(Data excerpts Opens)

Lemma eball_nbhs (R : realType) (N : nat) (x0 : 'rV[R]_N) (r : R) :
  0 < r -> \forall x \near x0, eball x0 r x.
Proof.
move=> r_gt0; set e := r ^+ 2 / N.+1%:R.
have e_gt0 : 0 < e by rewrite divr_gt0 ?exprn_gt0.
have coord_near i : \forall x \near x0, ((x : 'rV[R]_N) 0 i - x0 0 i) ^+ 2 < e.
  have : (fun x : 'rV[R]_N => (x 0 i - x0 0 i) ^+ 2) @ x0 --> (x0 0 i - x0 0 i) ^+ 2.
    have coord_cvg : (fun x : 'rV[R]_N => x 0 i) @ x0 --> x0 0 i.
      exact: coord_continuous.
    apply: (@cvg_comp _ _ _ _ (fun y => y ^+ 2)); last exact: exprn_continuous.
    exact: cvgB coord_cvg (cvg_cst _).
  by rewrite subrr expr0n => /cvgr_lt; apply.
apply: filterS (filter_forall _ coord_near) => x x_near.
apply: (@le_lt_trans _ _ (\sum_(i < N) e)); first by apply: ler_sum => i _; exact/ltW.
rewrite sumr_const card_ord -mulr_natl mulrCA gtr_pMr ?exprn_gt0 //.
by rewrite ltr_pdivrMr // mul1r ltr_nat.
Qed.

Lemma dotvBr (R : realType) (N : nat) (a b c : 'rV[R]_N) :
  dotv a (b - c) = dotv a b - dotv a c.
Proof. by rewrite /dotv -sumrB; apply: eq_bigr => j _; rewrite !mxE mulrBr. Qed.

Lemma normr_dotv_le (R : realType) (N : nat) (a b : 'rV[R]_N) (A B : R) :
  (forall i, `|a 0 i| <= A) -> (forall i, `|b 0 i| <= B) ->
  `|dotv a b| <= N%:R * (A * B).
Proof.
move=> a_le b_le; apply: le_trans (ler_norm_sum _ _ _) _.
apply: le_trans (ler_sum (G := fun _ => A * B) _ _) _.
  by move=> j _; rewrite normrM ler_pM.
by rewrite sumr_const card_ord mulr_natl.
Qed.

Lemma eball_dotv_row_small (R : realType) (N : nat) (x0 : 'rV[R]_N) (r : R)
    (c : 'I_N -> nat -> R) :
  0 < r -> (forall i, c i @ \oo --> 0) ->
  forall eps, 0 < eps -> exists M, forall nbar : 'I_N -> nat,
    (forall i, (M <= nbar i)%N) ->
    forall x, eball x0 r x -> `|dotv (x - x0) (\row_i c i (nbar i))| < eps.
Proof.
move=> r_gt0 c_cvg eps eps_gt0; set e := eps / (N%:R * r + 1).
have Nr_gt0 : 0 < N%:R * r + 1 by rewrite ltr_wpDl // mulr_ge0 // ltW.
have e_gt0 : 0 < e by rewrite divr_gt0.
have [M _ c_small] : \forall n \near \oo, forall i, `|c i n| < e.
  by apply: filter_forall => i; move: (c_cvg i) => /cvgr0Pnorm_lt; apply.
exists M => nbar nbar_ge x x_in.
apply: le_lt_trans (normr_dotv_le (A := r) (B := e) _ _) _.
- by move=> i; rewrite !mxE; exact/ltW/eball_coord_lt.
- by move=> i; rewrite mxE; exact/ltW/c_small/nbar_ge.
by rewrite /e mulrA mulrCA gtr_pMr // ltr_pdivrMr // mul1r ltrDl.
Qed.

Theorem theorem7 (R : realType) (N : nat) (rho : nat -> R -> R)
  (rho_meas : forall n, measurable_fun setT (rho n))
  (rho_ge0 : forall n t, 0 <= rho n t)
  (rho_int1 : forall n, (\int[@lebesgue_measure R]_(t in setT) (rho n t)%:E = 1)%E)
  (rho_tail : forall delta : R, 0 < delta ->
     (fun n => (\int[@lebesgue_measure R]_(t in [set t : R | (delta < `|t|)%R]) (rho n t)%:E)%E)
       @ \oo --> 0%E)
  (u ut : 'rV[R]_N -> R) (x0 : 'rV[R]_N) (r : R)
  (u_C1 : C1 u) (r_gt0 : 0 < r)
  (ut_C1 : C1 ut)
  (ut_eq : forall x, eball x0 r x -> ut x = u x)
  (ut_supp : exists K : set 'rV[R]_N,
      compact K /\ eball x0 r `<=` K /\ (forall x, ~ K x -> ut x = 0)) :
  let rr := fun x => ut x - ut x0 - dotv (x - x0) (grad u x0) in
  let rn := fun (nbar : 'I_N -> nat) x =>
              ut x - ut x0 - dotv (x - x0) (nl_grad rho nbar ut x0) in
  let A := fun x => ut x0 + dotv (x - x0) (grad u x0) in
  let An := fun (nbar : 'I_N -> nat) x => ut x0 + dotv (x - x0) (nl_grad rho nbar ut x0) in
  (forall eps : R, 0 < eps -> exists M : nat, forall nbar : 'I_N -> nat,
      (forall i, (M <= nbar i)%N) ->
      forall x, eball x0 r x -> `|rn nbar x - rr x| < eps) /\
  (forall eps : R, 0 < eps -> exists M : nat, forall nbar : 'I_N -> nat,
      (forall i, (M <= nbar i)%N) ->
      forall x, eball x0 r x -> `|An nbar x - A x| < eps).
Proof.
move=> rr rn A An; have [K [K_compact [_ ut_supp0]]] := ut_supp.
(* [u] enters only through [grad u x0]. *)
have D_eq i : 'D_(ebase i) u x0 = 'D_(ebase i) ut x0.
  by apply: near_eq_derive; apply: filterS (eball_nbhs x0 r_gt0) => y /ut_eq ->.
have nl_cvg i :
    (fun n => nl_deriv (rho n) (ebase i) ut x0 - 'D_(ebase i) u x0) @ \oo --> 0.
  rewrite D_eq -(subrr ('D_(ebase i) ut x0)); apply: cvgB (cvg_cst _).
  have ut_der t : derivable ut (x0 + t *: ebase i) (ebase i) by exact: ut_C1.1.
  apply: (nl_deriv_cvg rho_meas rho_ge0 rho_int1 rho_tail ut_der).
  exact: compact_support_line_bounded K_compact ut_supp0 (ebase_neq0 R i)
    (line_continuous ut_der).
have grad_diff nbar : nl_grad rho nbar ut x0 - grad u x0 =
    \row_i (nl_deriv (rho (nbar i)) (ebase i) ut x0 - 'D_(ebase i) u x0).
  by apply/rowP => i; rewrite !mxE.
have small := eball_dotv_row_small x0 r_gt0 nl_cvg.
split=> eps /small [M small_M]; exists M => nbar nbar_ge x /(small_M _ nbar_ge).
- have -> : rn nbar x - rr x = - dotv (x - x0) (nl_grad rho nbar ut x0 - grad u x0).
    by rewrite dotvBr /rn /rr; ring.
  by rewrite normrN grad_diff.
- have -> : An nbar x - A x = dotv (x - x0) (nl_grad rho nbar ut x0 - grad u x0).
    by rewrite dotvBr /An /A; ring.
  by rewrite grad_diff.
Qed.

(Data excerpts Closes)

## Task to carry out
Reproduce the listing in full, exactly, so that no line is missing.

## Finished exercise
Lemma eball_nbhs (R : realType) (N : nat) (x0 : 'rV[R]_N) (r : R) :
  0 < r -> \forall x \near x0, eball x0 r x.
Proof.
move=> r_gt0; set e := r ^+ 2 / N.+1%:R.
have e_gt0 : 0 < e by rewrite divr_gt0 ?exprn_gt0.
have coord_near i : \forall x \near x0, ((x : 'rV[R]_N) 0 i - x0 0 i) ^+ 2 < e.
  have : (fun x : 'rV[R]_N => (x 0 i - x0 0 i) ^+ 2) @ x0 --> (x0 0 i - x0 0 i) ^+ 2.
    have coord_cvg : (fun x : 'rV[R]_N => x 0 i) @ x0 --> x0 0 i.
      exact: coord_continuous.
    apply: (@cvg_comp _ _ _ _ (fun y => y ^+ 2)); last exact: exprn_continuous.
    exact: cvgB coord_cvg (cvg_cst _).
  by rewrite subrr expr0n => /cvgr_lt; apply.
apply: filterS (filter_forall _ coord_near) => x x_near.
apply: (@le_lt_trans _ _ (\sum_(i < N) e)); first by apply: ler_sum => i _; exact/ltW.
rewrite sumr_const card_ord -mulr_natl mulrCA gtr_pMr ?exprn_gt0 //.
by rewrite ltr_pdivrMr // mul1r ltr_nat.
Qed.

Lemma dotvBr (R : realType) (N : nat) (a b c : 'rV[R]_N) :
  dotv a (b - c) = dotv a b - dotv a c.
Proof. by rewrite /dotv -sumrB; apply: eq_bigr => j _; rewrite !mxE mulrBr. Qed.

Lemma normr_dotv_le (R : realType) (N : nat) (a b : 'rV[R]_N) (A B : R) :
  (forall i, `|a 0 i| <= A) -> (forall i, `|b 0 i| <= B) ->
  `|dotv a b| <= N%:R * (A * B).
Proof.
move=> a_le b_le; apply: le_trans (ler_norm_sum _ _ _) _.
apply: le_trans (ler_sum (G := fun _ => A * B) _ _) _.
  by move=> j _; rewrite normrM ler_pM.
by rewrite sumr_const card_ord mulr_natl.
Qed.

Lemma eball_dotv_row_small (R : realType) (N : nat) (x0 : 'rV[R]_N) (r : R)
    (c : 'I_N -> nat -> R) :
  0 < r -> (forall i, c i @ \oo --> 0) ->
  forall eps, 0 < eps -> exists M, forall nbar : 'I_N -> nat,
    (forall i, (M <= nbar i)%N) ->
    forall x, eball x0 r x -> `|dotv (x - x0) (\row_i c i (nbar i))| < eps.
Proof.
move=> r_gt0 c_cvg eps eps_gt0; set e := eps / (N%:R * r + 1).
have Nr_gt0 : 0 < N%:R * r + 1 by rewrite ltr_wpDl // mulr_ge0 // ltW.
have e_gt0 : 0 < e by rewrite divr_gt0.
have [M _ c_small] : \forall n \near \oo, forall i, `|c i n| < e.
  by apply: filter_forall => i; move: (c_cvg i) => /cvgr0Pnorm_lt; apply.
exists M => nbar nbar_ge x x_in.
apply: le_lt_trans (normr_dotv_le (A := r) (B := e) _ _) _.
- by move=> i; rewrite !mxE; exact/ltW/eball_coord_lt.
- by move=> i; rewrite mxE; exact/ltW/c_small/nbar_ge.
by rewrite /e mulrA mulrCA gtr_pMr // ltr_pdivrMr // mul1r ltrDl.
Qed.

Theorem theorem7 (R : realType) (N : nat) (rho : nat -> R -> R)
  (rho_meas : forall n, measurable_fun setT (rho n))
  (rho_ge0 : forall n t, 0 <= rho n t)
  (rho_int1 : forall n, (\int[@lebesgue_measure R]_(t in setT) (rho n t)%:E = 1)%E)
  (rho_tail : forall delta : R, 0 < delta ->
     (fun n => (\int[@lebesgue_measure R]_(t in [set t : R | (delta < `|t|)%R]) (rho n t)%:E)%E)
       @ \oo --> 0%E)
  (u ut : 'rV[R]_N -> R) (x0 : 'rV[R]_N) (r : R)
  (u_C1 : C1 u) (r_gt0 : 0 < r)
  (ut_C1 : C1 ut)
  (ut_eq : forall x, eball x0 r x -> ut x = u x)
  (ut_supp : exists K : set 'rV[R]_N,
      compact K /\ eball x0 r `<=` K /\ (forall x, ~ K x -> ut x = 0)) :
  let rr := fun x => ut x - ut x0 - dotv (x - x0) (grad u x0) in
  let rn := fun (nbar : 'I_N -> nat) x =>
              ut x - ut x0 - dotv (x - x0) (nl_grad rho nbar ut x0) in
  let A := fun x => ut x0 + dotv (x - x0) (grad u x0) in
  let An := fun (nbar : 'I_N -> nat) x => ut x0 + dotv (x - x0) (nl_grad rho nbar ut x0) in
  (forall eps : R, 0 < eps -> exists M : nat, forall nbar : 'I_N -> nat,
      (forall i, (M <= nbar i)%N) ->
      forall x, eball x0 r x -> `|rn nbar x - rr x| < eps) /\
  (forall eps : R, 0 < eps -> exists M : nat, forall nbar : 'I_N -> nat,
      (forall i, (M <= nbar i)%N) ->
      forall x, eball x0 r x -> `|An nbar x - A x| < eps).
Proof.
move=> rr rn A An; have [K [K_compact [_ ut_supp0]]] := ut_supp.
(* [u] enters only through [grad u x0]. *)
have D_eq i : 'D_(ebase i) u x0 = 'D_(ebase i) ut x0.
  by apply: near_eq_derive; apply: filterS (eball_nbhs x0 r_gt0) => y /ut_eq ->.
have nl_cvg i :
    (fun n => nl_deriv (rho n) (ebase i) ut x0 - 'D_(ebase i) u x0) @ \oo --> 0.
  rewrite D_eq -(subrr ('D_(ebase i) ut x0)); apply: cvgB (cvg_cst _).
  have ut_der t : derivable ut (x0 + t *: ebase i) (ebase i) by exact: ut_C1.1.
  apply: (nl_deriv_cvg rho_meas rho_ge0 rho_int1 rho_tail ut_der).
  exact: compact_support_line_bounded K_compact ut_supp0 (ebase_neq0 R i)
    (line_continuous ut_der).
have grad_diff nbar : nl_grad rho nbar ut x0 - grad u x0 =
    \row_i (nl_deriv (rho (nbar i)) (ebase i) ut x0 - 'D_(ebase i) u x0).
  by apply/rowP => i; rewrite !mxE.
have small := eball_dotv_row_small x0 r_gt0 nl_cvg.
split=> eps /small [M small_M]; exists M => nbar nbar_ge x /(small_M _ nbar_ge).
- have -> : rn nbar x - rr x = - dotv (x - x0) (nl_grad rho nbar ut x0 - grad u x0).
    by rewrite dotvBr /rn /rr; ring.
  by rewrite normrN grad_diff.
- have -> : An nbar x - A x = dotv (x - x0) (nl_grad rho nbar ut x0 - grad u x0).
    by rewrite dotvBr /An /A; ring.
  by rewrite grad_diff.
Qed.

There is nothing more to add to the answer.